- _Study material_:
★ ★ ★ ★ ★ ★ ★

(* For all $0<\sigma_1<\sigma_2$, $\mathcal{C}(\sigma_1)\subsetneqq\mathcal{C}(\sigma_2)$.
   Context: $H$ is the closure in $L^2([0,L]^2)^2$ of the $\mathbb{R}^2$-valued $[0,L]^2$-periodic trigonometric polynomials $v$ with $\nabla\cdot v=0$ and $\int v\,dx=0$, with norm $|\cdot|$; $A=-\Delta$ is the Stokes operator with spectrally defined powers $A^{\alpha/2}$. Fix $\nu>0$ and $\kappa_0=2\pi/L$. For $\sigma>0$, $\mathcal{C}(\sigma)$ is the set of $u\in C^\infty([0,L]^2)\cap H$ for which there is $c_0=c_0(u)\in\mathbb{R}$ with $\frac{|A^{\alpha/2}u|^2}{\nu^2\kappa_0^{2\alpha}}\le c_0e^{\sigma\alpha^2}$ for all $\alpha\in\mathbb{N}$. *)

From Stdlib Require Import Reals Lra Lia ZArith List.
From Coquelicot Require Import Coquelicot.
Open Scope R_scope.

Definition vfield := R -> R -> R * R.

Definition comp (j : bool) (u : vfield) : R -> R -> R :=
  fun x y => if j then snd (u x y) else fst (u x y).

Definition partial (d : bool) (f : R -> R -> R) : R -> R -> R :=
  fun x y => if d then Derive (fun t => f x t) y else Derive (fun t => f t y) x.

Fixpoint iterD (ds : list bool) (f : R -> R -> R) : R -> R -> R :=
  match ds with
  | nil => f
  | d :: ds' => partial d (iterD ds' f)
  end.
Lemma add_formulas_decreases S L :
  well_formed S ->
  (forall x f, In (x, f) L -> label S x /\ In f (subformulas phi)) ->
  (exists x f, In (x, f) L /\ ~ present S x f) ->
  well_formed (fst S, L ++ snd S) /\ measure_lt (fst S, L ++ snd S) S.
Proof.
  intros [Hsub Hroot] HL (x0 & f0 & Hx0 & Hn0).
  set (S' := (fst S, L ++ snd S)).
  assert (ext : extends S S') by (split; [apply incl_refl | apply incl_appr, incl_refl]).
  assert (Hpres : forall x f, present S' x f -> In (x, f) L \/ present S x f)
    by (intros x f; apply in_app_or).
  assert (Hlab : forall x, label S' x -> label S x).
  { intros x [[y E] | [f P]]; [left; exists y; exact E|].
    destruct (Hpres _ _ P) as [P' | P']; [apply (HL _ _ P') | exact (label_present _ _ _ P')]. }
  assert (Hroots : forall r, is_root S' r <-> is_root S r).
  { intros r; split; intros [Hr Hin]; split; try exact Hin;
      [apply Hlab, Hr | exact (label_extends _ _ _ ext Hr)]. }
  split; [split|].
  - intros x f P; destruct (Hpres _ _ P) as [P' | P']; [apply (HL _ _ P') | apply (Hsub _ _ P')].
  - intros x Hx; destruct (Hroot x (Hlab x Hx)) as (r & Hr & Hrx).
    exists r; split; [apply Hroots, Hr | exact Hrx].
  - pose proof (unused_count_le S S' ext).
    pose proof (unrealized_count_le S S' ext (fun r => proj1 (Hroots r))).
    pose proof (root_count_le S S' (fun r => proj1 (Hroots r))).
    assert (missing_count S' < missing_count S).
    { destruct (HL _ _ Hx0) as [Hl0 Hf0].
      apply (missing_count_lt S S' x0 f0 ext Hlab Hl0 Hf0 Hn0), in_or_app; left; exact Hx0. }
    unfold measure_lt, measure, lex_lt; lia.
Qed.

Lemma add_formula_decreases S x f :
  well_formed S -> label S x -> In f (subformulas phi) -> ~ present S x f ->
  well_formed (fst S, (x, f) :: snd S) /\ measure_lt (fst S, (x, f) :: snd S) S.
Proof.
  intros WF Hx Hf Hn; apply (add_formulas_decreases S [(x, f)] WF).
  - intros y g [E | []]; injection E as <- <-; split; assumption.
  - exists x, f; split; [left; reflexivity | exact Hn].
Qed.

Lemma step6_decreases S S' :
  well_formed S -> step6_call S S' -> well_formed S' /\ measure_lt S' S.
Proof.
  intros [Hsub Hroot] (w & f & v & Hw & Hn & Hv & ->).
  set (S' := ((w, v) :: fst S, (v, f) :: snd S)).
  assert (ext : extends S S') by (split; apply incl_tl, incl_refl).
  assert (Hlab : forall x, label S' x -> x = v \/ label S x).
  { intros x [[y [[E | E] | [E | E]]] | [g [P | P]]].
    - injection E as <- _; right; exact (label_present _ _ _ Hw).
    - right; left; exists y; left; exact E.
    - injection E as _ <-; left; reflexivity.
    - right; left; exists y; right; exact E.
    - injection P as <- _; left; reflexivity.
    - right; right; exists g; exact P. }
  assert (Hroots : forall r, is_root S' r -> is_root S r).
  { intros r Hr; apply (is_root_extends _ _ _ ext Hr).
    destruct (Hlab r (proj1 Hr)) as [-> | Hl]; [|exact Hl].
    exfalso; apply (proj2 Hr w); left; reflexivity. }
  assert (Hroots' : forall r, is_root S r -> is_root S' r).
  { intros r Hr; apply (is_root_no_new_edge _ _ _ ext); [|exact Hr].
    intros x [E | E]; [|exact E].
    injection E as <- <-; exfalso; exact (Hv (proj1 Hr)). }
  destruct (Hroot w (label_present _ _ _ Hw)) as (r0 & Hr0 & Hr0w).
  assert (Hr0v : reach S' r0 v).
  { apply rt_trans with w; [exact (reach_extends _ _ _ _ ext Hr0w)|].
    apply rt_step; left; reflexivity. }
  assert (Hf : In f (subformulas phi)) by subformula_of (Hsub _ _ Hw).
  split; [split|].
  - intros x g [P | P]; [injection P as <- <-; exact Hf | exact (Hsub _ _ P)].
  - intros x Hx; destruct (Hlab x Hx) as [-> | Hl].
    + exists r0; split; [apply Hroots', Hr0 | exact Hr0v].
    + destruct (Hroot x Hl) as (r & Hr & Hrx).
      exists r; split; [apply Hroots', Hr | exact (reach_extends _ _ _ _ ext Hrx)].
  - pose proof (unused_count_le S S' ext).
    assert (unrealized_count S' < unrealized_count S).
    { apply (unrealized_count_lt S S' ext Hroots r0 f v (Hroots' _ Hr0) Hf);
        [| exact Hr0v | left; reflexivity].
      intros u Hu; apply Hn; exists r0; auto. }
    unfold measure_lt, measure, lex_lt; lia.
Qed.

Lemma step7_decreases S S' :
  well_formed S -> step7_call S S' -> well_formed S' /\ measure_lt S' S.
Proof.
  intros [Hsub Hroot] (w & f & v & Hw & Hn & Hv & ->).
  set (S' := (fst S, (v, f) :: snd S)).
  assert (ext : extends S S') by (split; [apply incl_refl | apply incl_tl, incl_refl]).
  assert (Hlab : forall x, label S' x -> x = v \/ label S x).
  { intros x [[y E] | [g [P | P]]].
    - right; left; exists y; exact E.
    - injection P as <- _; left; reflexivity.
    - right; right; exists g; exact P. }
  assert (Hf : In f (subformulas phi)) by subformula_of (Hsub _ _ Hw).
  split; [split|].
  - intros x g [P | P]; [injection P as <- <-; exact Hf | exact (Hsub _ _ P)].
  - intros x Hx; destruct (Hlab x Hx) as [-> | Hl].
    + exists v; split; [|apply rt_refl].
      split; [right; exists f; left; reflexivity|].
      intros y E; apply Hv; left; exists y; right; exact E.
    + destruct (Hroot x Hl) as (r & Hr & Hrx).
      exists r; split; [exact (is_root_no_new_edge _ _ _ ext (fun _ E => E) Hr) | exact Hrx].
  - assert (unused_count S' < unused_count S).
    { apply (unused_count_lt S S' ext f v Hf); [|left; reflexivity].
      intros u P; exact (Hn u (label_present _ _ _ P) P). }
    unfold measure_lt, measure, lex_lt; lia.
Qed.

Lemma step8_decreases n S S' :
  well_formed S -> step8_call n S S' -> well_formed S' /\ measure_lt S' S.
Proof.
  intros [Hsub Hroot] (_ & _ & ws & Hlen & Hnd & Hws & k & j & Hkj & Hjn & ->).
  set (a := nth k ws 0); set (b := nth j ws 0).
  assert (Ha : is_root S a) by (apply (proj1 (Forall_forall _ _) Hws), nth_In; lia).
  assert (Hb : is_root S b) by (apply (proj1 (Forall_forall _ _) Hws), nth_In; lia).
  assert (Hab : a <> b).
  { intros E; apply (proj1 (NoDup_nth ws 0) Hnd k j) in E; lia. }
  set (S' := ((a, b) :: fst S, snd S)).
  assert (ext : extends S S') by (split; [apply incl_tl, incl_refl | apply incl_refl]).
  assert (Hlab : forall x, label S' x -> label S x).
  { intros x [[y [[E | E] | [E | E]]] | [g P]].
    - injection E as <- _; exact (proj1 Ha).
    - left; exists y; left; exact E.
    - injection E as _ <-; exact (proj1 Hb).
    - left; exists y; right; exact E.
    - right; exists g; exact P. }
  assert (Hroots : forall r, is_root S' r -> is_root S r)
    by (intros r Hr; exact (is_root_extends _ _ _ ext Hr (Hlab _ (proj1 Hr)))).
  assert (Hroots' : forall r, is_root S r -> r <> b -> is_root S' r).
  { intros r Hr Hrb; apply (is_root_no_new_edge _ _ _ ext); [|exact Hr].
    intros x [E | E]; [injection E as _ <-; contradiction | exact E]. }
  split; [split|].
  - exact Hsub.
  - intros x Hx; destruct (Hroot x (Hlab x Hx)) as (r & Hr & Hrx).
    destruct (Nat.eq_dec r b) as [-> | Hrb].
    + exists a; split; [apply Hroots'; assumption|].
      apply rt_trans with b; [apply rt_step; left; reflexivity|].
      exact (reach_extends _ _ _ _ ext Hrx).
    + exists r; split; [apply Hroots'; assumption | exact (reach_extends _ _ _ _ ext Hrx)].
  - pose proof (unused_count_le S S' ext).
    pose proof (unrealized_count_le S S' ext Hroots).
    assert (root_count S' < root_count S).
    { apply (root_count_lt S S' Hroots b Hb); intros [_ Hno]; exact (Hno a (or_introl eq_refl)). }
    unfold measure_lt, measure, lex_lt; lia.
Qed.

★ ★ ★ ★ ★ ★ ★

- _Task brief_: Apply a filter for "Import" to the data above, then copy each line that matches.

- _Solution for this problem_:
From Stdlib Require Import Reals Lra Lia ZArith List.
From Coquelicot Require Import Coquelicot.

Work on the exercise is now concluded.